Raw data Start Marker
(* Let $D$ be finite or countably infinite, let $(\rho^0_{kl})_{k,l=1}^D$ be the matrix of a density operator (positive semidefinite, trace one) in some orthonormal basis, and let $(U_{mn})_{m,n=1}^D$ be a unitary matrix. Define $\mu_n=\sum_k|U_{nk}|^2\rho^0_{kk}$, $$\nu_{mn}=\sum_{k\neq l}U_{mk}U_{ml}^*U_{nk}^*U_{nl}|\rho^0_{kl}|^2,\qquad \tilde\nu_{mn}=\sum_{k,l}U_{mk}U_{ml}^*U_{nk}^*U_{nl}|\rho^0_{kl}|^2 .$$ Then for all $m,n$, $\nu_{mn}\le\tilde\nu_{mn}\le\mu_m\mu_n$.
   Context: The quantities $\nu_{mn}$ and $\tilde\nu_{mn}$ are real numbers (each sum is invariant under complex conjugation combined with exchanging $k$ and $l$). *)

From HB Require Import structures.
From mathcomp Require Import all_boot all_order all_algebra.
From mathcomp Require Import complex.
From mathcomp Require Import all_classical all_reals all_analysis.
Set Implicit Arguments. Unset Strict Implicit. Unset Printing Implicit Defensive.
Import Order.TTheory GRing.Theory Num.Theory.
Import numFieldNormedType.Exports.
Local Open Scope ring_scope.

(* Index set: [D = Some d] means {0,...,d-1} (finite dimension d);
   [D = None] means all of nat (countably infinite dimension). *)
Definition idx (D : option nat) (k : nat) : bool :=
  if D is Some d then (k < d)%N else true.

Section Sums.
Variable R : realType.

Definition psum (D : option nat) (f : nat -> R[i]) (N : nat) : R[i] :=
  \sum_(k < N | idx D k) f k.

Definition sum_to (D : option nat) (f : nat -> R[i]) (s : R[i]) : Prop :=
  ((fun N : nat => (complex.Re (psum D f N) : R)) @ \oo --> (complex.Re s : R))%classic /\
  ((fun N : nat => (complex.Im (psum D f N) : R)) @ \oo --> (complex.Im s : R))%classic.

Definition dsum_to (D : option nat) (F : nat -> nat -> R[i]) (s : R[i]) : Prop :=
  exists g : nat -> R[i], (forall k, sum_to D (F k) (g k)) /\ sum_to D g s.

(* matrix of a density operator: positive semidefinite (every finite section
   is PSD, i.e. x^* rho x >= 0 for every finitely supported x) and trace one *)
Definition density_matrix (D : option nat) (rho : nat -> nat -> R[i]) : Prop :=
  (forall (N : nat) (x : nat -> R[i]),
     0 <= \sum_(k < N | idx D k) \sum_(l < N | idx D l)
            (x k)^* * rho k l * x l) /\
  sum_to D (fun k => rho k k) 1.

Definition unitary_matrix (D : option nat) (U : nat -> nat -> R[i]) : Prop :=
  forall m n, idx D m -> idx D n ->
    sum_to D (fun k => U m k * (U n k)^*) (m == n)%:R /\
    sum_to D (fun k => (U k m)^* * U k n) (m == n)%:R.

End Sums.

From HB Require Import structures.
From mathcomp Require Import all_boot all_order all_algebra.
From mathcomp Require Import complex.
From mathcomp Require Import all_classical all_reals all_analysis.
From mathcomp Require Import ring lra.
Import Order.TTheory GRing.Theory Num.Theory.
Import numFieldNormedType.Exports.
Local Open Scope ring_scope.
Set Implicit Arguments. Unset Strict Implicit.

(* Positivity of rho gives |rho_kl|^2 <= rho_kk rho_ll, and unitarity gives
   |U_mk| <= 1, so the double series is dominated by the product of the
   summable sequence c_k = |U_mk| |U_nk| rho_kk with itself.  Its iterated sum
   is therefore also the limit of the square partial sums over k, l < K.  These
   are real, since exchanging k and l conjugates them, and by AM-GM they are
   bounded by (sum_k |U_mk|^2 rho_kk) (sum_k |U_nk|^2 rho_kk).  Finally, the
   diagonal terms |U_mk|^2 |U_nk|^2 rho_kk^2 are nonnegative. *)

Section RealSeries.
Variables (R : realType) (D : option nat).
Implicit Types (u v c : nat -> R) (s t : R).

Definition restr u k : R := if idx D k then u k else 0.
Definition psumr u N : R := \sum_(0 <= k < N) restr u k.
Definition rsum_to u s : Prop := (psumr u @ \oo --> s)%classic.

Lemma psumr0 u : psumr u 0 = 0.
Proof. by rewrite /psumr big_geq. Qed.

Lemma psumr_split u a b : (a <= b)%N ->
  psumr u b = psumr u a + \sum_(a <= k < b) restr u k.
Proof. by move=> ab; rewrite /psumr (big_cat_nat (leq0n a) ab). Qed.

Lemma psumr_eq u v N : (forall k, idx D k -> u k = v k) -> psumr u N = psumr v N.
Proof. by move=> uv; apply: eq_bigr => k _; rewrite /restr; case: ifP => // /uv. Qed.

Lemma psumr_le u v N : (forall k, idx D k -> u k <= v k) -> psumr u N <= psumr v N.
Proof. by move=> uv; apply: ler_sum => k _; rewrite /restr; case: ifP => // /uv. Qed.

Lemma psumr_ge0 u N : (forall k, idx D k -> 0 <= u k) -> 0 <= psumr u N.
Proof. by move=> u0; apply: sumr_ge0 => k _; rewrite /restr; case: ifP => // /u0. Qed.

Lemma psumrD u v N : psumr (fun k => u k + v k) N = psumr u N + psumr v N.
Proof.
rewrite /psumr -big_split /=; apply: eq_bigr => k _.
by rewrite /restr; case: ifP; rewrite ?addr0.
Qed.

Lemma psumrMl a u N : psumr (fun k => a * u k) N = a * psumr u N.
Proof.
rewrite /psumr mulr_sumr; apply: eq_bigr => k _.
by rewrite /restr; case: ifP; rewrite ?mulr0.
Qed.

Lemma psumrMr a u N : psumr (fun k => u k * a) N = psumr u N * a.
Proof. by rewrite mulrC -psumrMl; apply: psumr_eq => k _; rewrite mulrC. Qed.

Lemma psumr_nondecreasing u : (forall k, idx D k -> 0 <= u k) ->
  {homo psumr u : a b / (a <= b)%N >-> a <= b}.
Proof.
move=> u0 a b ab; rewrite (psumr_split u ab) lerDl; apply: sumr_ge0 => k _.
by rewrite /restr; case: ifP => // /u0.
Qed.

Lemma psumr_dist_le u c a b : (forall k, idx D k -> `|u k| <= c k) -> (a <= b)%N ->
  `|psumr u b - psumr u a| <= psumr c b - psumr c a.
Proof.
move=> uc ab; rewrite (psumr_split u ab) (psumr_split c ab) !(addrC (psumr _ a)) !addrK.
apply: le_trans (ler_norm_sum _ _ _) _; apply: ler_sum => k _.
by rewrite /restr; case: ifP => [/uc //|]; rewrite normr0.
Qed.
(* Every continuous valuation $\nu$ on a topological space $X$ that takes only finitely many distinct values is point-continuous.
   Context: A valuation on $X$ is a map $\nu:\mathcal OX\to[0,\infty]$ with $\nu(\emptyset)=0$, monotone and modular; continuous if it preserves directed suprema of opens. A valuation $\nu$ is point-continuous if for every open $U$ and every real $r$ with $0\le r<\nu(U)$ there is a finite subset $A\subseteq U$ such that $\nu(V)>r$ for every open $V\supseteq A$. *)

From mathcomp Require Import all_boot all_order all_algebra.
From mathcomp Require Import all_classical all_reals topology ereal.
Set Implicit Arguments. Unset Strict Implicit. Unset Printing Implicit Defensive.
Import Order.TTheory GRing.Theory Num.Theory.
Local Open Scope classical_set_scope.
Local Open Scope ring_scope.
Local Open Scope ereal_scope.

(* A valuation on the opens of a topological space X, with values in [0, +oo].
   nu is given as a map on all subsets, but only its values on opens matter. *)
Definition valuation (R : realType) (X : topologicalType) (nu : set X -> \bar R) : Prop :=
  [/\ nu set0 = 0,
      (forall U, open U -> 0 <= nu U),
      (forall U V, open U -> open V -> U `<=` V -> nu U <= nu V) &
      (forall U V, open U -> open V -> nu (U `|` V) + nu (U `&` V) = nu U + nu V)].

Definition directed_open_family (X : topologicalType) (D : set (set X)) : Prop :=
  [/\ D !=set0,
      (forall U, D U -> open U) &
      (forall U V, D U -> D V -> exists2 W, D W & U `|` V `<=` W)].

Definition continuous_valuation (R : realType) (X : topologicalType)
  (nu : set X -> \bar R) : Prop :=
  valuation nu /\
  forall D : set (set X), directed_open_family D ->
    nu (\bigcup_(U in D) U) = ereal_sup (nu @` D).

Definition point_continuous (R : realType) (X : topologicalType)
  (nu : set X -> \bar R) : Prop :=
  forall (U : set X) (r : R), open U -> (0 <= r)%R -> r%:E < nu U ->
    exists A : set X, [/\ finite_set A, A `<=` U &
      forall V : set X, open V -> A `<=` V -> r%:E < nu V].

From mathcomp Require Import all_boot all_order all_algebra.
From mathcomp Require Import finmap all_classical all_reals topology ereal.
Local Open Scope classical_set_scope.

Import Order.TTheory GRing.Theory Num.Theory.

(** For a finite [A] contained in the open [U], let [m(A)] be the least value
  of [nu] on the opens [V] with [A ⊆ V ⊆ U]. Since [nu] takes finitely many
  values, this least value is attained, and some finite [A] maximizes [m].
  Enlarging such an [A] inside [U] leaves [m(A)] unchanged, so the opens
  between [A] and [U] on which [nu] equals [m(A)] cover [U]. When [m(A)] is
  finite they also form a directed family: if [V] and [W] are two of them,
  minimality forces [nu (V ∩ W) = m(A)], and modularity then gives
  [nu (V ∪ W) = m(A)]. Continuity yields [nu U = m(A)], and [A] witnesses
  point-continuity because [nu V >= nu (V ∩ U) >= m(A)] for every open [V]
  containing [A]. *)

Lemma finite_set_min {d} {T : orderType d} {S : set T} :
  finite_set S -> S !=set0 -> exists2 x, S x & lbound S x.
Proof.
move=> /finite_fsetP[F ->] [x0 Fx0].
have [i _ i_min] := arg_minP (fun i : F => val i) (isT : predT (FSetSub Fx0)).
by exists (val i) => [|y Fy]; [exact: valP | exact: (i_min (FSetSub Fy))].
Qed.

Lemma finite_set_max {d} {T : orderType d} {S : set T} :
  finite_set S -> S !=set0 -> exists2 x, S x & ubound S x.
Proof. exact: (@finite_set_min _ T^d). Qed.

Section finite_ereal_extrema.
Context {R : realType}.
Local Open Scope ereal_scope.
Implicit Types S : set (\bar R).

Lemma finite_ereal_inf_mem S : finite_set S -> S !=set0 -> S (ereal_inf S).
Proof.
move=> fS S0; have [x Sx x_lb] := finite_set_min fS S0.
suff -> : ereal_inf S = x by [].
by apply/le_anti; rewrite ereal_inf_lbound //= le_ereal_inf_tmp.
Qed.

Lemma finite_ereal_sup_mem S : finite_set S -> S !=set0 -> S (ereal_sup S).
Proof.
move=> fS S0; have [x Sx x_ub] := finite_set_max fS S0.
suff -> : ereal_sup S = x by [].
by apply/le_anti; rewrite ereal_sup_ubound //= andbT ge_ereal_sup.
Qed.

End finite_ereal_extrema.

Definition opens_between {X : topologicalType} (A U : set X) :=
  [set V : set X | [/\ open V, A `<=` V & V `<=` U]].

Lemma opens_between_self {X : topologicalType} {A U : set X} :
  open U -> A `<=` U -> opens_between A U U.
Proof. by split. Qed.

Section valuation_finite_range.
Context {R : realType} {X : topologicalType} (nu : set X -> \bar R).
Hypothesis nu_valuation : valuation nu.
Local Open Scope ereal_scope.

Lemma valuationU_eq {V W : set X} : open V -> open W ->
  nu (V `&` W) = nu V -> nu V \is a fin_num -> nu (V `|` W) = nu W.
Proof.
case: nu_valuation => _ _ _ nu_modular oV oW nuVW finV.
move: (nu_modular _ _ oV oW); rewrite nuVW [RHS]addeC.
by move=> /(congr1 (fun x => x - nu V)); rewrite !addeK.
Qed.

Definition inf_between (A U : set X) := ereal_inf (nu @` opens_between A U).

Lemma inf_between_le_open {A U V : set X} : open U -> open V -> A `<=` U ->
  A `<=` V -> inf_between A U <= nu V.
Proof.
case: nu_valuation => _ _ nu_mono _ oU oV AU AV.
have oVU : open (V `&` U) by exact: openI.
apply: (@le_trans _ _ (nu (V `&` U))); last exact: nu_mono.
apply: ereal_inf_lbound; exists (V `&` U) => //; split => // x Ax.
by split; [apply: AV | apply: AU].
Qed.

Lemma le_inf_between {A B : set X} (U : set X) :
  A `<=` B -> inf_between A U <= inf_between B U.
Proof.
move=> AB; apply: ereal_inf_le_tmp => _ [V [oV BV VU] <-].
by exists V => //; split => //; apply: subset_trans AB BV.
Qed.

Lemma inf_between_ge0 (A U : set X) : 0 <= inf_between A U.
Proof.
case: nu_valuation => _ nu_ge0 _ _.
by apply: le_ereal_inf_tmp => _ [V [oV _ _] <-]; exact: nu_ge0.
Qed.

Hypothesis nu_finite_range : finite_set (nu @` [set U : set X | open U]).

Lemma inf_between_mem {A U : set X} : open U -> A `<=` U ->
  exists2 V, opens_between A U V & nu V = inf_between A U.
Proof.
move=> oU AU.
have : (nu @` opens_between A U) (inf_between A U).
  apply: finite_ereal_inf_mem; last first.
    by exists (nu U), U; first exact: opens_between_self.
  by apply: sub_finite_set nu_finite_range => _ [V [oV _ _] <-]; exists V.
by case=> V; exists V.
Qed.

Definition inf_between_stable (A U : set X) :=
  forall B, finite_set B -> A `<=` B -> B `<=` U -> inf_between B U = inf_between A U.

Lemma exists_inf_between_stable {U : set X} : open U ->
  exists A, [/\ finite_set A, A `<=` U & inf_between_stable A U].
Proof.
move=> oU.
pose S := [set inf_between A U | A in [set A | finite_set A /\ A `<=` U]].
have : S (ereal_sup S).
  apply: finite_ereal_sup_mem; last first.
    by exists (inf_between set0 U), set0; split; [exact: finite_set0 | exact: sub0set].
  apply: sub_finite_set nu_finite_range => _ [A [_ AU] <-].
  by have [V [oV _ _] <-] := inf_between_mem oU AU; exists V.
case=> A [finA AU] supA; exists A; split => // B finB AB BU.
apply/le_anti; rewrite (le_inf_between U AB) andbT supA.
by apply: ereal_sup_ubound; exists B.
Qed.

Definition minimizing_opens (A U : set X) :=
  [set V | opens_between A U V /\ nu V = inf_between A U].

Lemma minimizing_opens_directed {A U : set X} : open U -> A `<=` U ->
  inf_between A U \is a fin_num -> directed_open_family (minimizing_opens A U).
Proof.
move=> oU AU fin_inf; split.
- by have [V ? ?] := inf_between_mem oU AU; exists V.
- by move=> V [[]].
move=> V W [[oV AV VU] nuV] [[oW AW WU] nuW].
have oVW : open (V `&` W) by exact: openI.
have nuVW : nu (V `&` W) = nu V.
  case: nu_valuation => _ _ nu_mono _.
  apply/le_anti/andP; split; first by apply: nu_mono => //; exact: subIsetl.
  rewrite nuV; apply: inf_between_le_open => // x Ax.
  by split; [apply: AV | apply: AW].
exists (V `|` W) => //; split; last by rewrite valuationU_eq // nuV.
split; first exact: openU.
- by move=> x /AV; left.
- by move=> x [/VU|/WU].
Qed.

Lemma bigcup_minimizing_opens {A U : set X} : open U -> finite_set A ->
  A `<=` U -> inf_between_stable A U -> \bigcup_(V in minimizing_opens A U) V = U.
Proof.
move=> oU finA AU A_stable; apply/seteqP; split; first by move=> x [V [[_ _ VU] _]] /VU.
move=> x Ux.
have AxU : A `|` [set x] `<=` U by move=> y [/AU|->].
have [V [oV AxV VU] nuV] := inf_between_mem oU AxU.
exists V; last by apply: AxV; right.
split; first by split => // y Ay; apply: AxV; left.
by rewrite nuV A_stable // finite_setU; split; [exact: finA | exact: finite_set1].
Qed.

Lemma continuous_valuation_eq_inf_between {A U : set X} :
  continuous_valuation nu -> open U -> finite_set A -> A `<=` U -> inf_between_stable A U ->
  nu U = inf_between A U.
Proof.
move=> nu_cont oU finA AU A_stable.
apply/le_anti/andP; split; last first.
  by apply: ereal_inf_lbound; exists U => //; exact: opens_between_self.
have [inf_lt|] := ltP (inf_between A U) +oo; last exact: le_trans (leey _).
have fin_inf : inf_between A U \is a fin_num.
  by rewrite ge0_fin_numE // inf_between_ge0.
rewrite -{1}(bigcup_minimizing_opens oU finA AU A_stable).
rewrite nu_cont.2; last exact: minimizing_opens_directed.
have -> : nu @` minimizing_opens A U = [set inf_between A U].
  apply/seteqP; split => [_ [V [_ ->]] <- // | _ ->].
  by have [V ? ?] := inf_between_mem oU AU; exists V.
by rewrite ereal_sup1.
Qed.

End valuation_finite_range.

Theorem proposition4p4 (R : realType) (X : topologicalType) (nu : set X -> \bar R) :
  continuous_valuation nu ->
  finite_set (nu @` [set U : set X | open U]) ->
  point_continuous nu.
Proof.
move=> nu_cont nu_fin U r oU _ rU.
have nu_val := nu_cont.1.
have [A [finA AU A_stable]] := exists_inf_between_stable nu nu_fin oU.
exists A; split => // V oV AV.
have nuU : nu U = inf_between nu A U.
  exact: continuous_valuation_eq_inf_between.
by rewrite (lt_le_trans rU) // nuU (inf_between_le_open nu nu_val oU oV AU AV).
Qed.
Raw data End Marker
Only a number is expected: how many lines of the data include the string "finitely".

3